Ирина Николаевна, её мать, умерла полгода назад, и квартира перешла к Алине. Тогда всё выглядело просто. А теперь вдруг всплыло — Денис убеждён, что часть этой квартиры — «и его тоже».

— Ты без меня бы тут даже обои не переклеила! — не унимался он. — Мать твоя хоть и баба с характером была, но хоть понимала, что в жизни всё делается вместе. А ты — неблагодарная.

— Не трогай маму, — холодно произнесла Алина, чувствуя, как у неё поднимается знакомая волна ярости. — Не тебе её вспоминать. Ты её до последнего раздражал своими разговорами про «продать всё и купить побольше».

— Потому что я думал о будущем! — выкрикнул Денис. — Не хочешь, чтобы я говорил о твоей матери — хорошо. Тогда поговорим о тебе. Что ты вообще сделала для нас? Сидела на своей бухгалтерии за копейки, тащила домой усталость и своё «я устала». А теперь ещё и с наследством — «моя квартира»! Тебе не стыдно?

— Стыдно должно быть тебе, — прошептала Алина, не узнавая собственного голоса. — За то, что ты с самого начала думал не о нас, а о квадратных метрах.

Он резко схватил со стола папку и вытащил лист с гербовой печатью.

— Значит так. — Голос его дрожал. — Я не уйду отсюда просто так. Половина — моя.

— С чего вдруг?

— А с того, что я в этой квартире вложился. Морально, физически и материально.

— Материально — это когда человек вносит в документы, — сдержанно сказала она. — А морально — это когда не предаёт.

Он расхохотался. Громко, зло, с эхом.

— Предаёт? Это ты сейчас меня предаёшь. Мать твоя умерла, оставила тебе хату, а я — никто, да? Удобно.

Алина сжала руки в кулаки. В голове всё гудело.

— Денис, ты взрослый мужик. Я тебе предлагаю по-человечески: давай ты найдёшь себе жильё, я помогу на первое время. Но мы больше не живём вместе. Всё.
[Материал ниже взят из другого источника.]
Lemma sum_sqr_lin_comb (w : R) (c : nat -> R) (v : nat -> nat -> R) (n N : nat) :
  sum_f_R0 (fun t => w * (sum_f_R0 (fun p => c p * v p t) n * sum_f_R0 (fun p => c p * v p t) n)) N
  = sum_f_R0 (fun p => c p * sum_f_R0 (fun q => c q * sum_f_R0 (fun t => w * v p t * v q t) N) n) n.
Proof.
  transitivity (sum_f_R0 (fun t =>
    sum_f_R0 (fun p => c p * sum_f_R0 (fun q => c q * (w * v p t * v q t)) n) n) N).
  - apply sum_eq; intros t _.
    set (Y := sum_f_R0 (fun p => c p * v p t) n).
    replace (w * (Y * Y)) with (w * Y * Y) by ring.
    unfold Y at 2; rewrite scal_sum; apply sum_eq; intros p _.
    transitivity (c p * (w * v p t * Y)); [ring | f_equal].
    unfold Y; rewrite <- sum_f_R0_scal_l; apply sum_eq; intros; ring.
  - rewrite sum_f_R0_swap; apply sum_eq; intros p _.
    rewrite (sum_f_R0_scal_l (c p) (fun t => sum_f_R0 _ n)), sum_f_R0_swap; f_equal.
    apply sum_eq; intros q _; apply sum_f_R0_scal_l.
Qed.

(* The form is the limit of sum_t w y_t^2 with y_t = sum_p c_p v_p(t); keep its [t = 0] term. *)
Lemma gram_quadratic_form_ge (w : R) (c : nat -> R) (v : nat -> nat -> R) (G : nat -> nat -> R)
    (n : nat) :
  0 <= w ->
  (forall p q, (p <= n)%nat -> (q <= n)%nat ->
     Un_cv (fun N => sum_f_R0 (fun t => w * v p t * v q t) N) (G p q)) ->
  w * (sum_f_R0 (fun p => c p * v p 0%nat) n * sum_f_R0 (fun p => c p * v p 0%nat) n)
  <= sum_f_R0 (fun p => c p * sum_f_R0 (fun q => c q * G p q) n) n.
Proof.
  intros hw hG.
  set (y := fun t => sum_f_R0 (fun p => c p * v p t) n).
  assert (cv : Un_cv (fun N => sum_f_R0 (fun t => w * (y t * y t)) N)
                     (sum_f_R0 (fun p => c p * sum_f_R0 (fun q => c q * G p q) n) n)).
  { apply (Un_cv_ext _ _ _ (fun N => eq_sym (sum_sqr_lin_comb w c v n N))).
    apply Un_cv_sum_f_R0; intros p hp; apply Un_cv_sum_f_R0; intros q hq; apply hG; auto. }
  apply (sum_incr _ 0 _ cv); intros t; apply Rmult_le_pos; [lra | apply Rle_0_sqr].
Qed.

Section PositiveDefiniteness.

Variables d s2 : R.
Hypothesis hs : 0 < s2.
Variable gam : nat -> R.
Hypothesis hgam : is_fin_autocov d s2 gam.

(* [innov_coeff n p t] is the coefficient of eps_{n-t} in X_p = sum_j b_j eps_{p-j}. *)
Definition innov_coeff (n p t : nat) : R :=
  if (n <=? p + t)%nat then fin_b d (p + t - n) else 0.

Lemma innov_coeff_gram (n p q : nat) :
  (p <= n)%nat -> (q <= n)%nat ->
  Un_cv (fun N => sum_f_R0 (fun t => s2 * innov_coeff n p t * innov_coeff n q t) N)
        (gam (absdiff p q)).
Proof.
  assert (ordered : forall p q, (p <= q)%nat -> (q <= n)%nat ->
    Un_cv (fun N => sum_f_R0 (fun t => s2 * innov_coeff n p t * innov_coeff n q t) N)
          (gam (absdiff p q))).
  { clear p q; intros p q hpq hq.
    replace (absdiff p q) with (q - p)%nat by (unfold absdiff; lia).
    apply (Un_cv_ext (fun N => sum_f_R0 (fun t => if (n - p <=? t)%nat
      then s2 * fin_b d (t - (n - p)) * fin_b d (t - (n - p) + (q - p)) else 0) N)).
    - intros N; apply sum_eq; intros t _; unfold innov_coeff.
      destruct (Nat.leb_spec (n - p) t), (Nat.leb_spec n (p + t)), (Nat.leb_spec n (q + t));
        try lia; try ring.
      replace (p + t - n)%nat with (t - (n - p))%nat by lia.
      replace (q + t - n)%nat with (t - (n - p) + (q - p))%nat by lia; reflexivity.
    - exact (infinite_sum_shift _ _ (n - p) (hgam (q - p)%nat)). }
  intros hp hq; destruct (Nat.le_gt_cases p q); [apply ordered; auto |].
  replace (absdiff p q) with (absdiff q p) by (unfold absdiff; lia).
  apply (Un_cv_ext (fun N => sum_f_R0 (fun t => s2 * innov_coeff n q t * innov_coeff n p t) N)).
  - intros N; apply sum_eq; intros; ring.
  - apply ordered; lia.
Qed.

(* X_n is the only one of X_0, ..., X_n containing eps_n. *)
Lemma autocov_quadratic_form_ge (n : nat) (c : nat -> R) :
  s2 * (c n * c n) <= sum_f_R0 (fun p => c p * sum_f_R0 (fun q => c q * gam (absdiff p q)) n) n.
Proof.
  assert (first_innov : sum_f_R0 (fun p => c p * innov_coeff n p 0%nat) n = c n).
  { rewrite sum_f_R0_zero_before; unfold innov_coeff.
    - rewrite Nat.add_0_r, Nat.leb_refl, Nat.sub_diag; simpl; ring.
    - intros p hp; destruct (Nat.leb_spec n (p + 0)); [lia | ring]. }
  rewrite <- first_innov.
  apply (gram_quadratic_form_ge s2 c (innov_coeff n)); [lra |].
  intros p q hp hq; apply innov_coeff_gram; auto.
Qed.

Lemma autocov_toeplitz_injective (n : nat) (c : nat -> R) :
  (forall p, (p <= n)%nat -> sum_f_R0 (fun q => c q * gam (absdiff p q)) n = 0) ->
  forall q, (q <= n)%nat -> c q = 0.
Proof.
  revert c; induction n as [|n IH]; intros c hc q hq.
  - pose proof (autocov_quadratic_form_ge 0 c) as form.
    rewrite sum_eq_R0 in form by (intros p hp; rewrite hc by lia; ring).
    replace q with 0%nat by lia; exact (Rmult_sqr_nonpos_eq0 s2 _ hs form).
  - pose proof (autocov_quadratic_form_ge (S n) c) as form.
    rewrite sum_eq_R0 in form by (intros p hp; rewrite hc by lia; ring).
    pose proof (Rmult_sqr_nonpos_eq0 s2 _ hs form) as top.
    destruct (Nat.eq_dec q (S n)) as [-> | ]; [exact top |].
    apply IH; [| lia]; intros p hp.
    specialize (hc p ltac:(lia)); rewrite tech5, top in hc; lra.
Qed.

Lemma is_proj_coeffs_unique (k : nat) (a a' : nat -> R) :
  is_proj_coeffs gam k a -> is_proj_coeffs gam k a' ->
  forall j, (1 <= j <= k)%nat -> a j = a' j.
Proof.
  intros ha ha' j hj.
  assert (diff0 : forall q, (q <= k - 1)%nat -> a (S q) - a' (S q) = 0).
  { apply autocov_toeplitz_injective; intros p hp.
    pose proof (ha (S p) ltac:(lia)); pose proof (ha' (S p) ltac:(lia)).
    rewrite (sum_eq _ (fun m => a (S m) * gam (absdiff (S p) (S m))
                                - a' (S m) * gam (absdiff (S p) (S m))))
      by (intros m _; change (absdiff (S p) (S m)) with (absdiff p m); ring).
    rewrite minus_sum; lra. }
  destruct j as [|j]; [lia |]; pose proof (diff0 j ltac:(lia)); lra.
Qed.

End PositiveDefiniteness.

Section ProjectionCoefficients.

Variable d : R.
Hypothesis hd : 0 < d < 1.

Lemma INR_sub_sub_d_neq0 (k j : nat) : INR k - INR j - d <> 0.
Proof.
  destruct (Nat.le_gt_cases k j) as [hkj | hjk].
  - pose proof (le_INR _ _ hkj); lra.
  - assert (INR (S j) <= INR k) by (apply le_INR; lia); rewrite S_INR in *; lra.
Qed.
Он сделал шаг к ней, глаза сверкнули.

— А если я не уйду? Что ты сделаешь? Вызовешь полицию? Пусть приходят, посмотрим, кто первый вылетит отсюда.

Она стояла молча. Несколько секунд — и тишина стала плотной, как бетон. Потом Алина вдруг спокойно произнесла:

— Хорошо. Тогда живи. Только знай: я не собираюсь быть твоей служанкой.

И пошла в комнату, захлопнув за собой дверь.

Ночь она не спала. Лежала на кровати, уставившись в потолок. Всё детство прошло в этой квартире. Мамин диван, мамины шторы, старый комод, который она когда-то уговаривала не выкидывать.

Мама всегда говорила: «Квартира — это не стены. Это то, как вы друг с другом».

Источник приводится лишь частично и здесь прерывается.